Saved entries
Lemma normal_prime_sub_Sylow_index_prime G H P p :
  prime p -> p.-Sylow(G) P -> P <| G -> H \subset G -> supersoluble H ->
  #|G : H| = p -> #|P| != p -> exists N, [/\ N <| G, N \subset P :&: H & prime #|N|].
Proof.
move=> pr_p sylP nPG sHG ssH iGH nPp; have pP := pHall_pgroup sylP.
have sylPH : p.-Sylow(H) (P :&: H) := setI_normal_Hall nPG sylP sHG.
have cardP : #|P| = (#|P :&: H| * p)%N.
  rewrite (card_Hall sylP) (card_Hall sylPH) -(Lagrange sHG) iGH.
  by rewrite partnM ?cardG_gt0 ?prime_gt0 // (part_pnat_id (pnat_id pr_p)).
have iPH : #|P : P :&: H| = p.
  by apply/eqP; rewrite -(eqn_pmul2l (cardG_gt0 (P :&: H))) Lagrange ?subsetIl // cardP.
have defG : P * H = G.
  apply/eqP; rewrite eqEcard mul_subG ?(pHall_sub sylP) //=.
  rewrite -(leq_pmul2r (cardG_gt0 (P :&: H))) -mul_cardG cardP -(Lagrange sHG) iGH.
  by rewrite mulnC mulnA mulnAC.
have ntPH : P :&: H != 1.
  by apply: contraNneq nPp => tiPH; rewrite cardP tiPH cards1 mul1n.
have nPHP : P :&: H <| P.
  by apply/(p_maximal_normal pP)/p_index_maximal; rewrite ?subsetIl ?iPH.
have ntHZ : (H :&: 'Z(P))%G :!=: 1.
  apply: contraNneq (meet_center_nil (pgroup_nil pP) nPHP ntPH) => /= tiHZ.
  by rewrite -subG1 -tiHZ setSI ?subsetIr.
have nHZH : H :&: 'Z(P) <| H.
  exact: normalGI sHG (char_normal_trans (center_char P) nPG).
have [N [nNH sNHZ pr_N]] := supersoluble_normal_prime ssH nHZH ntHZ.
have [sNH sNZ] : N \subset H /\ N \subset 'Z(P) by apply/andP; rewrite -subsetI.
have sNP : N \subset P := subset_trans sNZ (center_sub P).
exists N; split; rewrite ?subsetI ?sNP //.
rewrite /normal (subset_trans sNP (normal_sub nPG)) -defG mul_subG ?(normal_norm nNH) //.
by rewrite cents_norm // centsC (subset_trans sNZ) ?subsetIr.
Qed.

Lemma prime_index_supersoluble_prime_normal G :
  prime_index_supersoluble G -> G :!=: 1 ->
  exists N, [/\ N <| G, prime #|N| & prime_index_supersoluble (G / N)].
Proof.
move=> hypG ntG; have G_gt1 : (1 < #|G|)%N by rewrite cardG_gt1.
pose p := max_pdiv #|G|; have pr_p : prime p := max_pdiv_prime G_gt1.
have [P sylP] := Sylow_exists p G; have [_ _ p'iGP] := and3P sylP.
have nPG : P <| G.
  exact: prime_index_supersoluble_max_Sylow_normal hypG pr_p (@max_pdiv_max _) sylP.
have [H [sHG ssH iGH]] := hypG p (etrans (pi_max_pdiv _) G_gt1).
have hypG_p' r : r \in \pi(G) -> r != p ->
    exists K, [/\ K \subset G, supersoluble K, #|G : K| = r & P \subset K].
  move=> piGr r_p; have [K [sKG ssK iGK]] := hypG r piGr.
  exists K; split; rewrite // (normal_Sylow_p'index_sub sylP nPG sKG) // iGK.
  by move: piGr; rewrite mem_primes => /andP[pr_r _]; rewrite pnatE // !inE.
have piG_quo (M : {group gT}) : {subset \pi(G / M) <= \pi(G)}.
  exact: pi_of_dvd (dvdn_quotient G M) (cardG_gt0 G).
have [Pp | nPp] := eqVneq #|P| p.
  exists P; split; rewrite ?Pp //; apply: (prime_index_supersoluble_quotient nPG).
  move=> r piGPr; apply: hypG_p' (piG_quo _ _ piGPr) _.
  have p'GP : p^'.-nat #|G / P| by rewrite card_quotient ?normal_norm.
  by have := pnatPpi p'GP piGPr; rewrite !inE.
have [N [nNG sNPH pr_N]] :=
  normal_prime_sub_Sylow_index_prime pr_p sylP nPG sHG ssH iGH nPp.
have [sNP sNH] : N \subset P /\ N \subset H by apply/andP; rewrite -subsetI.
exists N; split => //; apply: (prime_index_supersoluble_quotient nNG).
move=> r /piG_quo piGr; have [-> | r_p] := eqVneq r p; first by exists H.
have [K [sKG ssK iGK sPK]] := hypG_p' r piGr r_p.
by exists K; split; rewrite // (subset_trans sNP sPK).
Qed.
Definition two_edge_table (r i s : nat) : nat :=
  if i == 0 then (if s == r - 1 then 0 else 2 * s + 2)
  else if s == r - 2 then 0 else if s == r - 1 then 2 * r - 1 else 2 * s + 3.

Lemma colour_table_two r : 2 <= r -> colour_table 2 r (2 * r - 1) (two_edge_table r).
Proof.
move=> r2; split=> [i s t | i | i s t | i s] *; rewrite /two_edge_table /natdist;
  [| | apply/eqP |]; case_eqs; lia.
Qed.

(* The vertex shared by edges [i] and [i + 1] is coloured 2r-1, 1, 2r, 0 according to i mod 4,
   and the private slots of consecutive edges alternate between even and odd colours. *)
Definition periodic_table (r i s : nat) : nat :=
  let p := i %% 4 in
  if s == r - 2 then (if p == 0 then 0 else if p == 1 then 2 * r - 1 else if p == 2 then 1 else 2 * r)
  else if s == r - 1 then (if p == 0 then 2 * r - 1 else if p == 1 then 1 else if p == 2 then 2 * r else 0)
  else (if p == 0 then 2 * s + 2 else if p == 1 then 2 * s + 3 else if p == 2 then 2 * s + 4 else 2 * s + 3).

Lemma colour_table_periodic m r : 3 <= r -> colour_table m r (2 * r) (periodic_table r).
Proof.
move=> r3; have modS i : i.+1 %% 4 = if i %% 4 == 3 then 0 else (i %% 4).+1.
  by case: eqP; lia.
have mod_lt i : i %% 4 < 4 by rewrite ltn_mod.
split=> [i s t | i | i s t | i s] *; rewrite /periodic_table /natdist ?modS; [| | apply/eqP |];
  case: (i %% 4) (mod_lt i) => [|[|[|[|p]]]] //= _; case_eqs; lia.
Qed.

PROBLEM DESCRIPTION: Some of the data mentions "then". Copy every line where it does.

ANSWER FOR THIS EXERCISE:
  if i == 0 then (if s == r - 1 then 0 else 2 * s + 2)
  else if s == r - 2 then 0 else if s == r - 1 then 2 * r - 1 else 2 * s + 3.
  if s == r - 2 then (if p == 0 then 0 else if p == 1 then 2 * r - 1 else if p == 2 then 1 else 2 * r)
  else if s == r - 1 then (if p == 0 then 2 * r - 1 else if p == 1 then 1 else if p == 2 then 2 * r else 0)
  else (if p == 0 then 2 * s + 2 else if p == 1 then 2 * s + 3 else if p == 2 then 2 * s + 4 else 2 * s + 3).
move=> r3; have modS i : i.+1 %% 4 = if i %% 4 == 3 then 0 else (i %% 4).+1.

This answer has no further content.